Lemma rmul_dot_mul y s t :
  rmul_dot mul y (mul s t) = rmul_dot mul (rmul_dot mul y s) t.
Proof. by case: y => [z|]; rewrite /rmul_dot ?mulA. Qed.

Lemma S_bar_closed : {in S_bar mul &, forall f g, tmul f g \in S_bar mul}.
Proof.
apply: (bar_ts_closed (mul := mul)) => [y s _ | y s t _]; last exact: rmul_dot_mul.
exact: Some_in_Sdot.
Qed.

Variables (Y : finType) (D : {set Y}) (gen : Y -> S -> Y).
Hypothesis gen_closed : forall y s, y \in D -> gen y s \in D.
Hypothesis gen_mul : forall y s t, y \in D -> gen y (mul s t) = gen (gen y s) t.

Lemma bar_ts_sdivides_S_bar (phi : option S -> option Y) :
  (forall y x, phi y = Some x -> y \in Sdot mul /\ x \in D) ->
  (forall x, x \in D -> exists y, phi y = Some x) ->
  (forall s, exists t, forall y x, phi y = Some x ->
     phi (rmul_dot mul y t) = Some (gen x s)) ->
  sdivides_on (@tmul Y) (bar_ts D gen) (@tmul _) (S_bar mul).
Proof.
move=> phi_dom phi_onto phi_step.
apply: (@sdivides_on_covered Y _ phi _ (@tmul _) (fun t y => t y) D).
- by move=> t1 t2 y; rewrite ffunE.
- exact: bar_ts_closed gen_closed gen_mul.
- exact: S_bar_closed.
- exact: phi_onto.
- exact: bar_ts_fix.
move=> f /bar_tsP[[s ->] | [c cD ->]].
  have [t phi_t] := phi_step s.
  exists (bar_gen (Sdot mul) (rmul_dot mul) t); first exact: bar_gen_in.
  apply/coversP=> y x e; have [yS xD] := phi_dom _ _ e.
  by rewrite !ffunE yS xD (phi_t _ _ e).
have [y0 e0] := phi_onto c cD.
exists (bar_const (Sdot mul) y0); first by apply: bar_const_in; case: (phi_dom _ _ e0).
apply/coversP=> y x e; have [yS xD] := phi_dom _ _ e.
by rewrite !ffunE yS xD e0.
Qed.

Hypothesis gen_faithful :
  forall s t, (forall y, y \in D -> gen y s = gen y t) -> s = t.

Definition act_dot x (y : option S) : Y := if y is Some s then gen x s else x.

Definition act_vec (y : option S) : {ffun 'I_#|D| -> Y} :=
  [ffun i => act_dot (enum_val i) y].

Lemma act_dot_in x y : x \in D -> act_dot x y \in D.
Proof. by case: y => [s|] //= /gen_closed. Qed.

Lemma act_dot_rmul x y s :
  x \in D -> act_dot x (rmul_dot mul y s) = gen (act_dot x y) s.
Proof. by case: y => [t|] //= /gen_mul. Qed.

Lemma trivial_act_is_monoid s : (forall x, x \in D -> gen x s = x) -> is_monoid mul.
Proof.
move=> s_id; apply/existsP; exists s; apply/forallP=> t.
by apply/andP; split; apply/eqP/gen_faithful=> x xD; rewrite gen_mul ?s_id ?gen_closed.
Qed.

(* The adjoined identity [None] lies in S^bullet only when S is not a monoid,
   hence only when no element of S acts trivially on D. *)
Lemma act_vec_inj : {in Sdot mul &, injective act_vec}.
Proof.
have act_vecP y z :
    act_vec y = act_vec z -> forall x, x \in D -> act_dot x y = act_dot x z.
  move=> /ffunP e x xD; have := e (enum_rank_in xD x).
  by rewrite !ffunE enum_rankK_in.
have None_notin s : (forall x, x \in D -> gen x s = x) -> None \notin Sdot mul.
  by move/trivial_act_is_monoid; rewrite /Sdot => ->; apply/imsetP=> -[].
move=> [s|] [t|] yS zS /act_vecP e.
- by congr Some; apply: gen_faithful.
- by rewrite (negbTE (None_notin s e)) in zS.
- by rewrite (negbTE (None_notin t (fun x xD => esym (e x xD)))) in yS.
- by [].
Qed.

Lemma S_bar_sdivides_power :
  sdivides_on (@tmul _) (S_bar mul) (@pmul _ (@tmul Y) #|D|) (power (bar_ts D gen) #|D|).
Proof.
have enumD (i : 'I_#|D|) : enum_val i \in D by apply: enum_valP.
have act_vec_gen s y :
    apply_vec [ffun=> bar_gen D gen s] (act_vec y) = act_vec (rmul_dot mul y s).
  by apply/ffunP=> i; rewrite !ffunE act_dot_in ?act_dot_rmul.
have act_vec_const c y :
    apply_vec [ffun i => bar_const D (act_vec c i)] (act_vec y) = act_vec c.
  by apply/ffunP=> i; rewrite !ffunE act_dot_in.
apply: (@sdivides_on_covered _ _ (pick_preim (Sdot mul) act_vec) _ (@pmul _ (@tmul Y) _)
          (@apply_vec Y _) (Sdot mul)).
- exact: apply_vec_pmul.
- exact: S_bar_closed.
- exact/power_closed/(bar_ts_closed gen_closed gen_mul).
- by move=> y yS; exists (act_vec y); apply: pick_preimK act_vec_inj _ yS.
- exact: bar_ts_fix.
move=> f /bar_tsP[[s ->] | [c cS ->]].
  exists [ffun=> bar_gen D gen s].
    by rewrite inE; apply/forallP=> i; rewrite ffunE bar_gen_in.
  apply: covers_pick_preim act_vec_inj _ => y yS.
  by rewrite ffunE yS Some_in_Sdot act_vec_gen.
exists [ffun i => bar_const D (act_vec c i)].
  by rewrite inE; apply/forallP=> i; rewrite ffunE bar_const_in // ffunE act_dot_in.
by apply: covers_pick_preim act_vec_inj _ => y yS; rewrite ffunE yS cS act_vec_const.
Qed.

- - - - - - -

**PROBLEM STATEMENT**
Exactly and only the lines from the line containing "have act_vec_const c" through the last line of the entries should be copied, both ends included.

**EXPECTED OUTPUT**
have act_vec_const c y :
    apply_vec [ffun i => bar_const D (act_vec c i)] (act_vec y) = act_vec c.
  by apply/ffunP=> i; rewrite !ffunE act_dot_in.
apply: (@sdivides_on_covered _ _ (pick_preim (Sdot mul) act_vec) _ (@pmul _ (@tmul Y) _)
          (@apply_vec Y _) (Sdot mul)).
- exact: apply_vec_pmul.
- exact: S_bar_closed.
- exact/power_closed/(bar_ts_closed gen_closed gen_mul).
- by move=> y yS; exists (act_vec y); apply: pick_preimK act_vec_inj _ yS.
- exact: bar_ts_fix.
move=> f /bar_tsP[[s ->] | [c cS ->]].
  exists [ffun=> bar_gen D gen s].
    by rewrite inE; apply/forallP=> i; rewrite ffunE bar_gen_in.
  apply: covers_pick_preim act_vec_inj _ => y yS.
  by rewrite ffunE yS Some_in_Sdot act_vec_gen.
exists [ffun i => bar_const D (act_vec c i)].
  by rewrite inE; apply/forallP=> i; rewrite ffunE bar_const_in // ffunE act_dot_in.
by apply: covers_pick_preim act_vec_inj _ => y yS; rewrite ffunE yS cS act_vec_const.
Qed.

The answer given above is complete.